I have a breakfast companion these days. After my wife has gone off to work and my son has returned from the night shift and headed off to sleep, I eat something and sip my coffee in the quiet, looking out the window onto the backyard. That is where I encounter my breakfast companion with some regularity. She is a house finch who eats at the feeder that hangs from the deck. Her meal is solitary, kind of like me. Unlike many other finches, she does not gather with others, nudging and jostling each other for a moment at the perch. I noticed her the first time with surprise, because I was close to the window and she should have seen me and flown away. As I stood and observed, I noticed that this little finch was missing her right eye. That’s why she was undaunted by my presence.
That day, and now several other days after, we have eaten together, separated by the glass. Our solitary meal has become breakfast for two, at least in my mind. I imagine that the eye was lost to another bird. They do fight fiercely over food, even at my backyard feeders. Or maybe it is some disease of which I am clueless. Her solitude may be an inner scar made by the fear of losing the other eye. An instinct to avoid more hurt and damage, I assume. I get that. We all have scars that direct our habits and hearts.
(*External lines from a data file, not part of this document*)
Lemma inc_ends1 e : inc (ends e).1 e. Proof. by rewrite /Defs.inc eqxx. Qed.
Lemma inc_ends2 e : inc (ends e).2 e. Proof. by rewrite /Defs.inc eqxx orbT. Qed.

Lemma ends1_verts e X : e \in X -> (ends e).1 \in verts X.
Proof. by move=> eX; apply/vertsP; exists e; rewrite ?inc_ends1. Qed.

Lemma verts_subset X Y : X \subset Y -> verts X \subset verts Y.
Proof.
move=> /subsetP sXY; apply/subsetP => v /vertsP[e /sXY eY ve].
by apply/vertsP; exists e.
Qed.

Lemma vertsU X Y : verts (X :|: Y) = verts X :|: verts Y.
Proof.
apply/setP => v; apply/vertsP/setUP => [[e /setUP[] eXY ve]|].
- by left; apply/vertsP; exists e.
- by right; apply/vertsP; exists e.
by case=> /vertsP[e eXY ve]; exists e; rewrite // inE eXY ?orbT.
Qed.

Lemma verts0 : verts set0 = set0.
Proof. by apply/setP => v; rewrite in_set0; apply/negbTE/negP => /vertsP[e]; rewrite inE. Qed.

Lemma verts_set1 e : verts [set e] = [set (ends e).1; (ends e).2].
Proof.
apply/setP => v; apply/vertsP/set2P => [[f /set1P-> /orP[]/eqP->]|]; [by left|by right|].
by case=> ->; exists e; rewrite ?set11 ?inc_ends1 ?inc_ends2.
Qed.

Lemma Delta0 : Delta set0 = 0%R.
Proof. by rewrite /Defs.Delta verts0 !cards0. Qed.

Lemma Delta_gt0_neq0 X : (0 < Delta X)%R -> X != set0.
Proof. by apply: contraTneq => ->; rewrite Delta0 ltxx. Qed.

Lemma Delta_supermod X Y : (Delta X + Delta Y <= Delta (X :|: Y) + Delta (X :&: Y))%R.
Proof.
have := cardsUI X Y; have := cardsUI (verts X) (verts Y).
have : (#|verts (X :&: Y)| <= #|verts X :&: verts Y|)%N.
  by apply/subset_leq_card; rewrite subsetI !verts_subset ?subsetIl ?subsetIr.
rewrite /Defs.Delta vertsU; lia.
Qed.

Lemma disjoint_verts_setI0 X Y : [disjoint verts X & verts Y] -> X :&: Y = set0.
Proof.
move=> dXY; apply/setP => e; rewrite !inE; apply/negbTE/andP => -[eX eY].
move: dXY => /disjoint_setI0/setP/(_ (ends e).1).
by rewrite in_setI in_set0 (ends1_verts eX) (ends1_verts eY).
Qed.

Lemma DeltaU_disjoint X Y :
  [disjoint verts X & verts Y] -> Delta (X :|: Y) = (Delta X + Delta Y)%R.
Proof.
move=> dXY; have := cardsUI X Y; have := cardsUI (verts X) (verts Y).
rewrite (disjoint_verts_setI0 dXY) (disjoint_setI0 dXY) !cards0 /Defs.Delta vertsU; lia.
Qed.

Lemma Delta_bigcup_seq (I : finType) (r : seq I) (F : I -> {set E}) : uniq r ->
  {in r &, forall i j, i != j -> [disjoint verts (F i) & verts (F j)]} ->
  Delta (\bigcup_(i <- r) F i) = (\sum_(i <- r) Delta (F i))%R.
Proof.
elim: r => [|i r IHr]; first by rewrite !big_nil Delta0.
case/andP=> ir ur dF; have dFr : {in r &, forall j k, j != k ->
    [disjoint verts (F j) & verts (F k)]}.
  by move=> j k jr kr; apply: dF; rewrite inE ?jr ?kr orbT.
rewrite !big_cons DeltaU_disjoint ?IHr // (big_morph verts vertsU verts0).
rewrite bigcup_seq; apply/bigcup_disjoint => j jr.
by apply: dF; rewrite ?mem_head ?inE ?jr ?orbT //; apply: contraNneq ir => ->.
Qed.

Lemma Delta_bigcup (I : finType) (P : pred I) (F : I -> {set E}) :
  {in P &, forall i j, i != j -> [disjoint verts (F i) & verts (F j)]} ->
  Delta (\bigcup_(i | P i) F i) = (\sum_(i | P i) Delta (F i))%R.
Proof.
move=> dF; rewrite -big_filter -[RHS]big_filter.
apply: Delta_bigcup_seq; first exact/filter_uniq/index_enum_uniq.
by move=> i j; rewrite !mem_filter => /andP[Pi _] /andP[Pj _]; apply: dF.
Qed.

(** * Degrees *)

Definition endmult e v : nat := ((ends e).1 == v) + ((ends e).2 == v).

Lemma degE X v : deg X v = (\sum_(e in X) endmult e v)%N. Proof. by []. Qed.

Lemma endmult_eq0 e v : ~~ inc v e -> endmult e v = 0%N.
Proof. by rewrite /endmult /Defs.inc negb_or => /andP[/negbTE-> /negbTE->]. Qed.

Lemma endmult_gt0 e v : inc v e -> (0 < endmult e v)%N.
Proof. by case/orP=> /eqP<-; rewrite /endmult eqxx ?leq_addr ?leq_addl. Qed.

Lemma endmult_loop e v : inc v e -> is_loop ends e -> endmult e v = 2%N.
Proof. by rewrite /endmult /Defs.inc /is_loop => /orP[]/eqP<- /eqP->; rewrite eqxx. Qed.

Lemma sum_deg X : (\sum_v deg X v = 2 * #|X|)%N.
Proof.
rewrite exchange_big /= -sum1_card big_distrr /=; apply: eq_bigr => e _.
have sum_eq a : (\sum_v (a == v) = 1)%N.
  by rewrite (bigD1 a) //= eqxx big1 // => v /negbTE; rewrite eq_sym => ->.
by rewrite big_split /= !sum_eq.
Qed.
Far from “crippled” by the scars however, my little one-eyed companion seems to relish the seeds I leave -just like other finches; she hops and dances… and sings, like they all do. The little one-eyed finch brings me joy. I give thanks for this little creature, a sign of God’s grace and resilience in a dark, cruel, and ever more terrifying world. I’d like to think that in some bird-like way, my little breakfast mate gives thanks for me a little too… well, at least for the feeder and food that allows a one-eyed, solitary finch to dine in the morning.
Tomorrow is Thanksgiving Day. Most of us will engage in giving thanks for big turkeys, big tables, big food, big gatherings. We will give thanks for all our success and piles of possessions. Tomorrow is about “giving thanks” for the big stuff: food, family, jobs, prosperity, health… the list gets long. This year, however, my little finch friend has taught me to “thank small.” There was a time in my life I would never have noticed a one-eyed finch. There was time in my life feeding little finches seemed senseless, never crossed my mind. In a world that moves 11 million miles an hour, that fills my eyes and ears with fears and diatribes and problems and information from every direction, I am often overwhelmed by a world so big I can’t take it in. Paul says, “Rejoice always, pray without ceasing, give thanks in all circumstances; for this is the will of God in Christ Jesus for you. (1 Thessalonians 5:16-18). This is hard to do in a world where anger, fear, and division drive us and what we’re really thankful for is that we’re simply better off than others; that at least for today, we haven’t lost it all.
It occurs to me that to learn to “give thanks in all circumstances,” requires not one big holiday, but a habit of “thanking small.” I need to first notice more, pay attention to the small things – like one-eyed finches. I need to give thanks for what is right in front of my face and all around me – all the time. I need to give thanks for everything, no matter what it is, because God placed it here. I need to do it “in all circumstances,” not just one day a year. My breakfast friend also reminds me that I need to give thanks even when I lose an eye and live lonely. In the pain and suffering, I need to learn to give thanks. Then, and only then can I properly give thanks for the bounty on my table.
This year our meal and gathering on Thursday will be intentionally simple and small. Less fuss and more Sabbath rest are the order of the day. As Paul instructs, “Rejoice… pray… give thanks” will be the agenda. We’ll give thanks for the joys and the pain of life and try to concentrate on little things. Thank small. And with any luck, after we set the table and fill the feeders, my little one-eyed breakfast finch friend will join us and provide a little music.
© 2016 Timothy V. Olson. All rights reserved.
One thought on “Thank Small”
Thank you, Pastor Tim! Great post! You got my attention with the finch, I studied Ornithology in graduate school. You kept my attention with thoughts on how we deal with the scars gives us and thanking small.